Hacker News new | ask | show | jobs
by throwbsidbdk 3493 days ago
It sounds like Uber has a database cluster for roughly every employee?!! Uber has a single product that largely centers around 1 app. How can this be necessary?

I have a feeling... That they're dumping realtime GPS data into a bunch of these when they should be using something like Cassandra...

2 comments

As said in a previous blog post by Uber, they have thousands of microservices and over 8000 Git repos.

It's safe to assume that their infra is a giant clusterfuck :D

I would assume that they scaled by adding more and more engineers, that end up working each in their corners on different problems, without any basic shared tooling/ practices/design. Things get out of hands quickly.

"Single product" which consists of more than X thousands of micro-services.
>The entire trip store, which receives millions of trips every day, now runs on Dockerized MySQL databases together with other stores

It really does sound like this is part of the issue. Millions of trips is billions of db row per day. A document store is much more amenable to that kind of workload than MySQL

Actually it is sort of the opposite.... They needed better OLTP to deal with synchronizing billing ... and they wanted schema flexibility. Document/Column stores are traditionally not ideal for this because A+P (CAP theorm) are preferred over "C"onsistency (very broadly speaking).

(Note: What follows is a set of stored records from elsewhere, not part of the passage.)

(* Let $k\ge3$, $r\ge0$ and $n=3^k-1+2r$. Let $M$ be the closed surface carrying the polyhedral map $D_{\{2k,2k\}}(n)$. Then $M$ is orientable if $r$ is even and non-orientable if $r$ is odd.
   Context: Vertex set $\mathbb{Z}_n$; integers are read modulo $n$. Define $w_0=0$. Then successively subtract $3^{k-1}+r$ twice, then $3^{k-2}$ twice, $3^{k-3}$ twice, ..., and finally $3$ twice. This gives vertices $w_1,\dots,w_{2k-2}$, and one checks $w_{2k-2}\equiv 2\pmod n$. Let $P$ be the $2k$-gon with cyclically ordered boundary vertices $(0,w_1,\dots,w_{2k-3},2,1)$. The map $D_{\{2k,2k\}}(n)$ is the 2-dimensional cell complex whose 2-cells are the $n$ translates $P+i$, $i\in\mathbb{Z}_n$. It is a known standing fact (Datta) that this is a $\{2k,2k\}$-equivelar polyhedral map on a closed surface $M$: every 2-cell is a $2k$-gon, every vertex has degree $2k$, and any two 2-cells meet in the empty set, a common vertex, or a common edge. *)

From mathcomp Require Import all_boot.
Set Implicit Arguments. Unset Strict Implicit. Unset Printing Implicit Defensive.

(* Vertices of D_{2k,2k}(n) are Z_n, represented by naturals 0 <= x < n. *)

Definition Dn (k r : nat) : nat := 3 ^ k - 1 + 2 * r.

Definition Dsteps (k r : nat) : seq nat :=
  (3 ^ k.-1 + r) :: (3 ^ k.-1 + r) ::
  flatten [seq [:: 3 ^ (k - j); 3 ^ (k - j)] | j <- iota 2 (k - 2)].

Definition Dw (k r j : nat) : nat :=
  let n := Dn k r in (n - (sumn (take j (Dsteps k r))) %% n) %% n.

Definition Dbase (k r : nat) : seq nat :=
  [:: 0] ++ [seq Dw k r j | j <- iota 1 (2 * k - 3)] ++ [:: 2 %% Dn k r; 1 %% Dn k r].

Definition Dface (k r i : nat) : seq nat :=
  [seq (x + i) %% Dn k r | x <- Dbase k r].

Definition dedges (s : seq nat) : seq (nat * nat) := zip s (rot 1 s).

Definition oface (s : seq nat) (b : bool) : seq nat := if b then s else rev s.

(* Combinatorial orientability of a polyhedral map on a closed surface given by
   its list of faces: there is a choice of orientation of each face such that
   two distinct faces never traverse a common edge in the same direction
   (i.e. every edge is traversed in opposite directions by its two faces). *)
Definition orientable_faces (faces : seq (seq nat)) : Prop :=
  exists e : nat -> bool,
    forall i j, i < size faces -> j < size faces -> i != j ->
      ~~ has (fun d => d \in dedges (oface (nth [::] faces j) (e j)))
             (dedges (oface (nth [::] faces i) (e i))).

Definition Dfaces (k r : nat) : seq (seq nat) :=
  [seq Dface k r i | i <- iota 0 (Dn k r)].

They could have done it with a transactional message queue and a decent RDBMS (there are far bigger companies that use RDBMS for far more transactions than Uber does) but they clearly did not have the in house expertise for that (and they also wanted rapid schema changes).

Part of the problem is Postgres was a little behind on scaling in previous years but that has changed. IMO they could have stuck with Postgres by making an addon to that instead but they found extending MySQL easier.

Uber essentually built their own custom document store on top of MySQL. They explain their design and reasons (and why they didn't use Cassandra etc) in this post: https://eng.uber.com/schemaless-part-one/
Okay thanks, that explains the why but doesn't make it sound less terrible. They essentially built a nosql database on top of MySQL. Forgivable years ago but this was in 2014...
Which likely explains why they use their MySQL Schemaless engine[1].

1. https://eng.uber.com/schemaless-part-one/